From around 1830 another gas works built in the Old Kent Road and
supplied some of the area – although private agreements were soon made between
the gas companies as to the areas in which they were to supply their gas. Deptford lay between the two and, as more and
towns had gas works of their own, Deptford people began to want their own gas
lighting supply from their own works. In due course they were to get it – but
from a very unlikely source.
In October
1834 Kentish Mercury announced a meeting 'for the purpose of considering the
expediency of immediately forming a GAS LIGHT ESTABLISHMENT'. It was agreed
that Deptford 'presents peculiar local facilities for the advantageous
formation' of such a body and it was proposed to call it the 'Deptford and
Greenwich GasLight Company'.
In due course
the Mercury carried a notice of the formation of the company and announced a
Board. It must be said that a number of
undated documents exist which give the names of Board members for a Greenwich
and Deptford Gas Co. – not one of them is the same as any other. However since
this is dated and appeared in the local press we can be sure of what it refers
to. The directors included Sir William
Beatty of the Royal Hospital, which implies that the new company had the
blessing of the powerful body and another director was George Smith, future
surveyor for Morden College, as well as Thomas Brocklebank and Adam Gordon.
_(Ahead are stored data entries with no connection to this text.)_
Lemma dot_eq0 a : dot a a = 0 -> a = 0.
Proof.
have sqr_entry_ge0 i : 0 <= a ord0 i * a ord0 i by rewrite -expr2 sqr_ge0.
move=> /(psumr_eq0P (fun i _ => sqr_entry_ge0 i)) a0; apply/rowP => i.
by have /eqP := a0 i isT; rewrite mulf_eq0 orbb mxE => /eqP.
Qed.

Lemma norm2_eq0 a : (norm2 a == 0) = (a == 0).
Proof.
rewrite /norm2 sqrtr_eq0; apply/idP/eqP => [a_le0|->]; last by rewrite dot0r.
by apply: dot_eq0; apply/eqP; rewrite eq_le a_le0 dot_ge0.
Qed.

Lemma norm2Z c a : norm2 (c *: a) = `|c| * norm2 a.
Proof. by rewrite /norm2 dotZl dotZr mulrA -expr2 sqrtrM ?sqr_ge0 // sqrtr_sqr. Qed.

End InnerProduct.

Lemma dot_convhull_ge (R : realType) (n : nat) (A : set 'rV[R]_n) (g v y : 'rV[R]_n) :
  (forall u, A u -> dot g v <= dot g u) -> convhull A y -> dot g v <= dot g y.
Proof.
move=> v_min [k [w [a [w_ge0 [w_sum1 [aA ->]]]]]].
rewrite dot_sumr -[leLHS]mul1r -w_sum1 mulr_suml.
by apply: ler_sum => i _; apply: ler_wpM2l => //; apply: v_min.
Qed.

Section Differentiable.
Variables (R : realType) (n : nat) (f : 'rV[R]_n -> R).

Lemma ell_ge0 grad x y : 0 <= ell f grad x y.
Proof. by rewrite /ell; case: (x == y) => //; rewrite divr_ge0 ?sqr_ge0 ?mulr_ge0. Qed.

Lemma ell_quadratic_bound grad x y :
  f y <= f x + dot (grad x) (y - x) + ell f grad x y / 2 * norm2 (y - x) ^+ 2.
Proof.
rewrite /ell; have [->|xy] := eqVneq x y; first by rewrite !mul0r addr0 subrr dot0r addr0.
have N_neq0 : norm2 (y - x) != 0 by rewrite norm2_eq0 subr_eq0 eq_sym.
set E := f y - f x - _.
have -> : 2 * `|E| / norm2 (y - x) ^+ 2 / 2 * norm2 (y - x) ^+ 2 = `|E| by field.
by have := ler_norm E; rewrite /E; lra.
Qed.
Important local shipbuilders. After
such a good start it is shame to have to relate that nothing else seems to be
heard about this body.
At some stage
an Act of Parliament for a Deptford Gas Works was achieved = we know this
because there is an undated report of a celebratory dinner held in a pun on
Deptford Broadway. It was a 'sumptuous entertainment' for a 'numerous and
highly respectable' company. They
toasted everyone and everything from The Old Oak Tree' to ' The Army and Navy'
and everyone else – but I don't think they ever built a gas works. The only little bit of doubt is that there
was a gas works – a very small one – built near the Blackhorse Bridge on the
Surrey Canal. As recently as 1986 there was a small gas installation there with
a notice inviting you to ring the SouthEastern Gas Board at New Cross for
information. Nothing seems to be known about it – was that the much-celebrated
Deptford Gas Works.
Meanwhile, as
the 1830s progressed, excitement and innovation was in the air in
Greenwich. The first steam railway in
London – the first suburban railway in the world - was to come to
Greenwich. As plans advanced for the
scheme so the Greenwich pamphleteers and satirists were, as usual, out in
force. It appeared that not only was
this railway to be the first in London but also would incorporate a number of
novel features. Along with the boulevard and the inclined plane at Deptford
were plans for an integrated scheme of gas lighting.
The engineer
to the London and Greenwich Railway Company was George Landmann. He had had a distinguished career in the
Royal Engineers but had sold his commission in 1824. In the intervening ten
years he had worked as Engineer to the Imperial Continental Gas Association –
travelling round Europe to construct gas works in Continental towns. In turning his hand to railway construction
it is only natural that he should also think about how gas could be used as
part of the scheme.
A separate
company – The Greenwich Railway Gas Co. – was set up in 1836 with the same
board membership as the railway itself. It was proposed to light the line with
gas lamps –"lights at a distance of
21 yards on each side of the railway and also a number of lights for the
stopping places each end of the road making in all about 700 lights"
and
to supply gas lighting to stations and to cottages built in the arches under
the railways. In a then revolutionary
step it was also proposed to supply the cottages with gas cooking apparatus. It seems very likely that part of the plan
was to make coke on site for use by the locomotives. The gas works itself was to occupy the site
upriver of the railway on the Deptford side of Deptford Creek – a site which is
very easy to see from the train today and which lies apparently derelict as it
has done for many years.
As plans for
the railway began to emerge Phoenix Company first of all became concerned about
the potential of the railway for damage to the gas mains and Mr. Tilson, now
acting as the company's solicitor, took steps to see that a clause was inserted
in the Parliamentary Bill for the railway requiring compensation for any
damage. The railway was not making its
own coke when it opened in 1836 and Phoenix was able to supply coke to them for
the locomotives. What Phoenix did not
know was that Colonel Landmann had been discussion with the rival South
Metropolitan company, based in the old Kent Road, on the question of a supply
of gas for the stations and for the line.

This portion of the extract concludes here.